Take the records below and print them verbatim up to and including the line that carries "Definition site := ('I_L * 'I_L)%type.".

===== Exercise materials =====

(* Let $f:(0,\infty)\to(0,\infty)$ satisfy $\lim_{\beta\to\infty}f(\beta)=\infty$, $\lim_{\beta\to\infty}\frac1\beta\log f(\beta)=0$ and $\lim_{\beta\to\infty}|\Lambda_\beta|/f(\beta)=\infty$, and let $\mathcal W=\{\sigma\in\mathcal S:|\mathrm{supp}[\sigma]|\le|\Lambda_\beta|/f(\beta)\}$. Then $$\lim_{\beta\to\infty}\frac1\beta\log\frac{\mu_\beta(\mathcal S\setminus\mathcal W)}{\mu_\beta(\mathcal S)}=-\infty.$$
   Context: Glauber setting. Fix $J>0$, $h>0$ with $0<h<2J$ and $2J/h\notin\mathbb N$; $\ell_c=\lceil 2J/h\rceil$. $\Lambda_\beta\subset\mathbb Z^2$: square box of odd side length centred at the origin with periodic boundary conditions, $|\Lambda_\beta|\to\infty$. State space $\mathcal X_\beta=\{-1,+1\}^{\Lambda_\beta}$, $\mathrm{supp}[\sigma]=\{x:\sigma(x)=+1\}$. Hamiltonian $H_\beta(\sigma)=-\frac J2\sum_{\{x,y\}}\sigma(x)\sigma(y)-\frac h2\sum_x\sigma(x)$ (unordered nearest-neighbour pairs); Gibbs measure $\mu_\beta=e^{-\beta H_\beta}/Z_\beta$. Bootstrap map $C_B(\sigma)$: replace each cluster of $(+1)$-spins by its circumscribed rectangle and iterate (merging rectangles at distance $<2$) until the $(+1)$-spins form rectangles pairwise at distance $\ge2$; subcritical: each such rectangle fits in an $(\ell_c-1)\times\ell_c$ rectangle. $\mathcal S=\{\sigma:C_B(\sigma)\text{ subcritical}\}$. *)

From mathcomp Require Import all_boot.
From Stdlib Require Import Reals.
Set Implicit Arguments. Unset Strict Implicit. Unset Printing Implicit Defensive.

(* Odd side length of the box Lambda_beta, given its "half side" m. *)
Definition side (m : nat) : nat := (2 * m).+1.

(* Critical length l_c = ceil(2J/h); equals [up (2J/h)] since 2J/h is not an integer. *)
Definition lcrit (J h : R) : nat := Z.to_nat (up (2 * J / h)%R).

Section Glauber.
Variable L : nat.  (* side length of the torus Z_L x Z_L *)

Definition site := ('I_L * 'I_L)%type.
Definition config := {ffun site -> bool}.   (* true = +1, false = -1 *)

Definition supp (s : config) : {set site} := [set x | s x].

Definition cyc_nb (a c : nat) : bool := (c == a.+1 %% L) || (a == c.+1 %% L).

Definition nn (x y : site) : bool :=
  (x != y) &&
  ((((x.1 : nat) == y.1) && cyc_nb x.2 y.2) || (((x.2 : nat) == y.2) && cyc_nb x.1 y.1)).

(* sites at (torus) Euclidean distance < 2, i.e. |dx| <= 1 and |dy| <= 1 *)
Definition close (x y : site) : bool :=
  (((x.1 : nat) == y.1) || cyc_nb x.1 y.1) && (((x.2 : nat) == y.2) || cyc_nb x.2 y.2).

Definition restr (r : rel site) (A : {set site}) : rel site :=
  fun x y => [&& x \in A, y \in A & r x y].

Definition cluster (r : rel site) (A : {set site}) (x : site) : {set site} :=
  [set y | connect (restr r A) x y].

(* circumscribed rectangle of a connected set K: product of its projections
   (each projection of a connected set is an arc of the cycle Z_L) *)
Definition hull (K : {set site}) : {set site} :=
  [set z : site | [exists u in K, u.1 == z.1] && [exists v in K, v.2 == z.2]].

Definition step (r : rel site) (A : {set site}) : {set site} :=
  \bigcup_(x in A) hull (cluster r A x).

(* Bootstrap map: nn-clusters -> rectangles, then iteratively merge
   rectangles at distance < 2 (step is extensive, so L*L iterations reach
   the fixed point). *)
Definition CB (s : config) : {set site} :=
  iter (L * L) (step close) (step nn (supp s)).

Definition fits (lc a b : nat) : bool :=
  ((a <= lc.-1) && (b <= lc)) || ((a <= lc) && (b <= lc.-1)).

Definition subcritical (lc : nat) (s : config) : bool :=
  [forall x in CB s,
     fits lc #|[set z.1 | z in cluster close (CB s) x]|
             #|[set z.2 | z in cluster close (CB s) x]|].

Definition spin (s : config) (x : site) : R := if s x then 1%R else (-1)%R.

(* H(s) = -J/2 sum_{unordered nn pairs} s(x)s(y) - h/2 sum_x s(x);
   the sum over unordered pairs is half the sum over ordered pairs. *)
Definition Ham (J h : R) (s : config) : R :=
  (- (J / 2) * (/ 2 * \big[Rplus/0%R]_(p : site * site | nn p.1 p.2)
                           (spin s p.1 * spin s p.2))
   - (h / 2) * \big[Rplus/0%R]_(x : site) spin s x)%R.

Definition weight (J h beta : R) (s : config) : R := exp (- beta * Ham J h s)%R.

Definition Zpart (J h beta : R) : R := \big[Rplus/0%R]_(s : config) weight J h beta s.

Definition mu (J h beta : R) (P : pred config) : R :=
  (\big[Rplus/0%R]_(s : config | P s) weight J h beta s / Zpart J h beta)%R.

Definition inS (J h : R) (s : config) : bool := subcritical (lcrit J h) s.

Definition small_supp (bound : R) (s : config) : bool :=
  if Rle_dec (INR #|supp s|) bound then true else false.

(* W = { s in S : |supp s| <= bound } with bound = |Lambda_beta| / f(beta) *)
Definition inW (J h : R) (bound : R) (s : config) : bool :=
  inS J h s && small_supp bound s.

End Glauber.

(* Write A = supp(s), l_c = ceil(2J/h) and gain = 4J/l_c - h > 0.
   1. Isoperimetry.  If s is subcritical, every close-cluster of C_B(s)
      has horizontal and vertical projections of size <= l_c.  Walking
      from any plus site in one of the four unit directions one therefore
      leaves A within l_c steps, through an "exit" of A; counting exits per
      direction gives |A| <= l_c |exits|, and exits in the four directions
      are distinct boundary edges, so 4|A| <= l_c |boundary A|.
   2. Energy.  H(s) = H(-1) + J |boundary A| - h |A|, so a subcritical s
      has weight <= weight(-1) exp(-beta gain |A|).
   3. Finite volume.  Summing over |A| > B = |Lambda|/F with a Chernoff
      factor F^{-|A|} bounds mu(S \ W | S) by exp(B (1 - beta gain + ln F));
      the sparse configuration with plus spins on the even sublattice lies
      in S \ W, so the ratio is positive and its logarithm is controlled.
   4. Limit.  For beta large, 1/beta and (ln F)/beta are small compared to
      gain and B gain > 2|M|, which gives the bound -M. *)

From mathcomp Require Import all_boot zify.
From Stdlib Require Import Reals Lra Lia.
From HB Require Import structures.
Set Implicit Arguments. Unset Strict Implicit. Unset Printing Implicit Defensive.
(* Let $\tilde\Gamma$ be a finitely generated group. Then $|G|$ divides $\#\mathrm{Hom}(\tilde\Gamma,G)$ for every finite group $G$ if and only if the abelianization $\tilde\Gamma/[\tilde\Gamma,\tilde\Gamma]$ is infinite. *)

From HB Require Import structures.
From mathcomp Require Import all_boot all_fingroup.
Set Implicit Arguments. Unset Strict Implicit. Unset Printing Implicit Defensive.
Local Open Scope group_scope.

Inductive in_gen (Gam : groupType) (s : seq Gam) : Gam -> Prop :=
  | in_gen_mem x : x \in s -> in_gen s x
  | in_gen_one : in_gen s 1
  | in_gen_inv x : in_gen s x -> in_gen s x^-1
  | in_gen_mul x y : in_gen s x -> in_gen s y -> in_gen s (x * y).

Definition finitely_generated (Gam : groupType) : Prop :=
  exists s : seq Gam, forall x : Gam, in_gen s x.

Inductive in_derived (Gam : groupType) : Gam -> Prop :=
  | in_derived_comm x y : in_derived [~ x, y]
  | in_derived_one : in_derived 1
  | in_derived_inv x : in_derived x -> in_derived x^-1
  | in_derived_mul x y : in_derived x -> in_derived y -> in_derived (x * y).

Definition abelianization_finite (Gam : groupType) : Prop :=
  exists reps : seq Gam, forall x : Gam,
    exists2 r, r \in reps & in_derived (x * r^-1).

Definition is_hom (Gam H : groupType) (f : Gam -> H) : Prop :=
  forall x y, f (x * y) = f x * f y.

(* #Hom(Gam, G) = N : the homomorphisms (up to extensional equality)
   are enumerated bijectively by 'I_N. *)
Definition hom_card (Gam : groupType) (gT : finGroupType) (N : nat) : Prop :=
  exists fs : 'I_N -> (Gam -> gT),
    [/\ forall i, is_hom (fs i),
        forall i j, (forall x, fs i x = fs j x) -> i = j &
        forall f : Gam -> gT, is_hom f -> exists i, forall x, f x = fs i x].

From HB Require Import structures.
From mathcomp Require Import all_boot all_order all_fingroup all_algebra.
From mathcomp Require Import cyclic ring zify boolp.
Set Implicit Arguments. Unset Strict Implicit. Unset Printing Implicit Defensive.
Import Order.TTheory GRing.Theory Num.Theory.

(* (=>) If Gam/[Gam,Gam] has m elements, take a prime p > m.  A homomorphism
   to Z/p factors through the abelianization, so its image has fewer than p
   elements and is trivial; thus #Hom(Gam, Z/p) = 1 is not divisible by p.

   (<=) Writing elements of Gam as words in n generators, the exponent vectors
   of words lying in [Gam,Gam] form a subgroup of Z^n, of infinite index since
   the abelianization is infinite.  Such a subgroup is killed by a nonzero
   integer functional (proved by induction on n), which yields a nonzero
   homomorphism Gam -> Z; dividing by the generator of its image gives a
   surjection psi : Gam -> Z with psi t = 1.  Then Gam = K >| <t>, K = ker psi,
   and a homomorphism f : Gam -> G is the same as f|K together with an image
   g of t conjugating f|K as t does.  Grouping homomorphisms according to the
   G-conjugacy class of their restriction to K, each block has exactly |G|
   elements: for fixed f|K the admissible g form a coset of the centralizer
   C of f(K), and so do the elements conjugating f|K to a given conjugate. *)

Section IntegerVectors.
Local Open Scope ring_scope.
Implicit Types (a b x y w : seq int) (k : int).

Fixpoint vadd a b : seq int :=
  match a, b with u :: a', v :: b' => (u + v) :: vadd a' b' | _, _ => [::] end.
Definition vscale k a : seq int := map ( *%R k) a.
Definition vsub a b : seq int := vadd a (vscale (-1) b).
Fixpoint dot a b : int :=
  match a, b with u :: a', v :: b' => u * v + dot a' b' | _, _ => 0 end.

Lemma size_vadd a b : size a = size b -> size (vadd a b) = size a.
Proof. by elim: a b => [|u a IH] [|v b] //= [] /IH ->. Qed.

Lemma size_vscale k a : size (vscale k a) = size a.
Proof. exact: size_map. Qed.

Lemma vscale0 a : vscale 0 a = nseq (size a) 0.
Proof. by elim: a => //= u a ->; rewrite mul0r. Qed.

Lemma vscale1 a : vscale 1 a = a.
Proof. by elim: a => //= u a ->; rewrite mul1r. Qed.

Lemma vscaleDl k k' a : vscale (k + k') a = vadd (vscale k a) (vscale k' a).
Proof. by elim: a => //= u a ->; rewrite mulrDl. Qed.

Lemma nth_vadd a b i : size a = size b ->
  nth 0 (vadd a b) i = nth 0 a i + nth 0 b i.
Proof. by elim: a b i => [|u a IH] [|v b] [|i] //= [] /IH. Qed.

Lemma nth_vscale k a i : nth 0 (vscale k a) i = k * nth 0 a i.
Proof. by elim: a i => [|u a IH] [|i] //=; rewrite mulr0. Qed.

Lemma dotDr w a b : size a = size b -> dot w (vadd a b) = dot w a + dot w b.
Proof. by elim: w a b => [|u w IH] [|x a] [|y b] //= [] /IH ->; ring. Qed.

Lemma dotZr w k a : dot w (vscale k a) = k * dot w a.
Proof. by elim: w a => [|u w IH] [|x a] //=; rewrite ?IH; ring. Qed.

Lemma dotZl w k a : dot (vscale k w) a = k * dot w a.
Proof. by elim: w a => [|u w IH] [|x a] //=; rewrite ?IH; ring. Qed.

Lemma dot0l n a : dot (nseq n 0) a = 0.
Proof. by elim: n a => [|n IH] [|x a] //=; rewrite IH mul0r add0r. Qed.

Lemma vadd0l a : vadd (nseq (size a) 0) a = a.
Proof. by elim: a => [|x a IH] //=; rewrite add0r IH. Qed.

Lemma vsubK a b : size a = size b -> vadd (vsub a b) b = a.
Proof.
move=> sab; apply: (@eq_from_nth _ 0) => [|i _].
  by rewrite /vsub !size_vadd ?size_vscale.
by rewrite /vsub !(nth_vadd, nth_vscale) ?(size_vadd, size_vscale) //; ring.
Qed.

Definition lattice n (R : seq int -> Prop) :=
  R (nseq n 0) /\ forall x y k, size x = n -> size y = n ->
    R x -> R y -> R (vadd x (vscale k y)).

Definition finite_index n (R : seq int -> Prop) :=
  exists reps : seq (seq int), forall x, size x = n ->
    exists2 r, r \in reps & size r = n /\ R (vsub x r).

Lemma latticeZ n R k x : lattice n R -> size x = n -> R x -> R (vscale k x).
Proof.
move=> [R0 RD] sx Rx; have := RD _ _ k (size_nseq _ _) sx R0 Rx.
by rewrite -sx -(size_vscale k) vadd0l.
Qed.

Lemma lattice_tail n R : lattice n.+1 R -> lattice n (fun x => R (0 :: x)).
Proof.
move=> [R0 RD]; split=> // x y k sx sy Rx Ry.
by have := RD (0 :: x) (0 :: y) k; rewrite /= mulr0 addr0 sx sy; apply.
Qed.

(* If R contains a vector with head k > 0, the representatives of Z^(n+1)/R
   are obtained from those of Z^n modulo the tail lattice by prefixing a
   remainder modulo k. *)
Lemma tail_finite_index n R k y : lattice n.+1 R -> 0 < k -> size y = n ->
  R (k :: y) -> finite_index n (fun x => R (0 :: x)) -> finite_index n.+1 R.
Proof.
move=> [R0 RD] k_gt0 sy Rky [reps Hreps].
exists [seq i%:Z :: r | i <- iota 0 `|k|%N, r <- reps].
move=> [//|j x] [sx].
pose q := (j %/ k)%Z; pose j0 := (j %% k)%Z.
have sxq : size (vadd x (vscale (- q) y)) = n by rewrite size_vadd ?size_vscale ?sx ?sy.
have [r r_in [sr Rr]] := Hreps _ sxq.
have j0_ge0 : 0 <= j0 by rewrite modz_ge0 ?gt_eqF.
have j0_lt : j0 < k by rewrite -[X in _ < X]gtr0_norm // ltz_mod ?gt_eqF.
exists (j0 :: r).
  have -> : j0 = `|j0|%N by rewrite gez0_abs.
  apply: allpairs_f => //; rewrite mem_iota add0n -ltz_nat.
  by rewrite gez0_abs // gtz0_abs.
split; first by rewrite /= sr.
have decomp : vsub (j :: x) (j0 :: r) =
    vadd (0 :: vsub (vadd x (vscale (- q) y)) r) (vscale q (k :: y)).
  rewrite /vsub /=; congr (_ :: _).
    by rewrite /j0 {1}(divz_eq j k) -/q; ring.
  apply: (@eq_from_nth _ 0) => [|i _].
    by rewrite !(size_vadd, size_vscale) ?sx ?sr ?sy ?sxq.
  rewrite !(nth_vadd, nth_vscale) ?(size_vadd, size_vscale) ?sx ?sr ?sy ?sxq //.
  ring.
rewrite decomp; apply: RD => //=; last by rewrite sy.
by rewrite /vsub size_vadd ?size_vscale sxq.
Qed.

(* A subgroup of Z^n of infinite index is annihilated by a nonzero integer
   functional: the integer analogue of "a proper subspace lies in a hyperplane". *)
Lemma infinite_index_annihilator n R : lattice n R -> ~ finite_index n R ->
  exists w, [/\ size w = n, 0 < dot w w & forall x, size x = n -> R x -> dot w x = 0].
Proof.
elim: n R => [|n IH] R latR infR.
  by case: infR; exists [:: [::]] => x /size0nil ->; exists [::]; case: latR.
have [[j [y [sy Rjy j_neq0]]]|headR0] :=
  pselect (exists j y, [/\ size y = n, R (j :: y) & j != 0]); last first.
  exists (1 :: nseq n 0); split; first by rewrite /= size_nseq.
    by rewrite /= dot0l mulr1 addr0.
  move=> [//|j x] /= [sx] Rx; rewrite dot0l addr0 mul1r.
  by apply/eqP/negPn/negP => j_neq0; apply: headR0; exists j, x.
(* Make the head positive by scaling with j. *)
pose k := j * j; pose y' := vscale j y.
have k_gt0 : 0 < k by rewrite /k lt0r sqr_ge0 mulf_neq0.
have sy' : size y' = n by rewrite size_vscale.
have Rky : R (k :: y') by apply: (latticeZ j latR _ Rjy); rewrite /= sy.
have latR' := lattice_tail latR.
have [w' [sw' w'_gt0 w'R]] :=
  IH _ latR' (fun fin => infR (tail_finite_index latR k_gt0 sy' Rky fin)).
exists ((- dot w' y') :: vscale k w'); split.
- by rewrite /= size_vscale sw'.
- rewrite /= dotZl dotZr; apply: ltr_wpDl; first exact: sqr_ge0.
  exact: (mulr_gt0 k_gt0 (mulr_gt0 k_gt0 w'_gt0)).
- move=> [//|i x] /= [sx] Rx.
  (* k (i :: x) - i (k :: y') lies in R and has head 0. *)
  have Rtail : R (0 :: vadd (vscale k x) (vscale (- i) y')).
    have sx1 : size (i :: x) = n.+1 by rewrite /= sx.
    have sky : size (k :: y') = n.+1 by rewrite /= sy'.
    have := latR.2 _ _ (- i) _ sky (latticeZ k latR sx1 Rx) Rky.
    rewrite size_vscale => /(_ sx1).
    by rewrite /= (_ : k * i + - i * k = 0) //; ring.
  have := w'R _ _ Rtail; rewrite dotDr ?dotZr ?dotZl ?size_vscale ?sx ?sy' //.
  by rewrite size_vadd ?size_vscale ?sx ?sy' // => /(_ erefl) eq0; rewrite -eq0; ring.
Qed.

End IntegerVectors.

Local Open Scope group_scope.

Section IntegerPowers.
Variable G : groupType.
Implicit Types (x y : G) (a b : int).

Definition zpow x a : G := match a with Posz n => x ^+ n | Negz n => x ^- n.+1 end.

Lemma zpowN x a : zpow x (- a)%R = (zpow x a)^-1.
Proof. by case: a => [[|n]|n] //=; rewrite ?invg1 ?invgK. Qed.

Lemma zpowS x a : zpow x (a + 1)%R = zpow x a * x.
Proof.
case: a => [n|[|n]]; first by rewrite -PoszD addn1 /= expgSr.
  by rewrite /= expg1 mulVg.
have -> : (Negz n.+1 + 1 = Negz n)%R by rewrite !NegzE; lia.
by rewrite /= (expgS x n.+1) invMg mulgVK.
Qed.

Lemma zpowD x a b : zpow x (a + b)%R = zpow x a * zpow x b.
Proof.
have zpowDn (c : int) (n : nat) : zpow x (c + n)%R = zpow x c * zpow x n.
  elim: n => [|n IH]; first by rewrite addr0 mulg1.
  by rewrite -addn1 PoszD addrA !zpowS IH mulgA.
case: b => [n|n]; first exact: zpowDn.
have := zpowDn (a + Negz n)%R n.+1.
by rewrite NegzE -addrA addNr addr0 => ->; rewrite zpowN mulgK.
Qed.

End IntegerPowers.

Section DerivedCongruence.
Variable Gam : groupType.
Implicit Types x y z d : Gam.

Definition cong x y := in_derived (x * y^-1).

Lemma in_derivedJ d x : in_derived d -> in_derived (x^-1 * d * x).
Proof.
move=> Hd; have -> : x^-1 * d * x = d * [~ d, x].
  by rewrite commgEl /conjg mulKVg mulgA.
exact: in_derived_mul Hd (in_derived_comm _ _).
Qed.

=====

## Written solution
(* Let $f:(0,\infty)\to(0,\infty)$ satisfy $\lim_{\beta\to\infty}f(\beta)=\infty$, $\lim_{\beta\to\infty}\frac1\beta\log f(\beta)=0$ and $\lim_{\beta\to\infty}|\Lambda_\beta|/f(\beta)=\infty$, and let $\mathcal W=\{\sigma\in\mathcal S:|\mathrm{supp}[\sigma]|\le|\Lambda_\beta|/f(\beta)\}$. Then $$\lim_{\beta\to\infty}\frac1\beta\log\frac{\mu_\beta(\mathcal S\setminus\mathcal W)}{\mu_\beta(\mathcal S)}=-\infty.$$
   Context: Glauber setting. Fix $J>0$, $h>0$ with $0<h<2J$ and $2J/h\notin\mathbb N$; $\ell_c=\lceil 2J/h\rceil$. $\Lambda_\beta\subset\mathbb Z^2$: square box of odd side length centred at the origin with periodic boundary conditions, $|\Lambda_\beta|\to\infty$. State space $\mathcal X_\beta=\{-1,+1\}^{\Lambda_\beta}$, $\mathrm{supp}[\sigma]=\{x:\sigma(x)=+1\}$. Hamiltonian $H_\beta(\sigma)=-\frac J2\sum_{\{x,y\}}\sigma(x)\sigma(y)-\frac h2\sum_x\sigma(x)$ (unordered nearest-neighbour pairs); Gibbs measure $\mu_\beta=e^{-\beta H_\beta}/Z_\beta$. Bootstrap map $C_B(\sigma)$: replace each cluster of $(+1)$-spins by its circumscribed rectangle and iterate (merging rectangles at distance $<2$) until the $(+1)$-spins form rectangles pairwise at distance $\ge2$; subcritical: each such rectangle fits in an $(\ell_c-1)\times\ell_c$ rectangle. $\mathcal S=\{\sigma:C_B(\sigma)\text{ subcritical}\}$. *)

From mathcomp Require Import all_boot.
From Stdlib Require Import Reals.
Set Implicit Arguments. Unset Strict Implicit. Unset Printing Implicit Defensive.

(* Odd side length of the box Lambda_beta, given its "half side" m. *)
Definition side (m : nat) : nat := (2 * m).+1.

(* Critical length l_c = ceil(2J/h); equals [up (2J/h)] since 2J/h is not an integer. *)
Definition lcrit (J h : R) : nat := Z.to_nat (up (2 * J / h)%R).

Section Glauber.
Variable L : nat.  (* side length of the torus Z_L x Z_L *)

Definition site := ('I_L * 'I_L)%type.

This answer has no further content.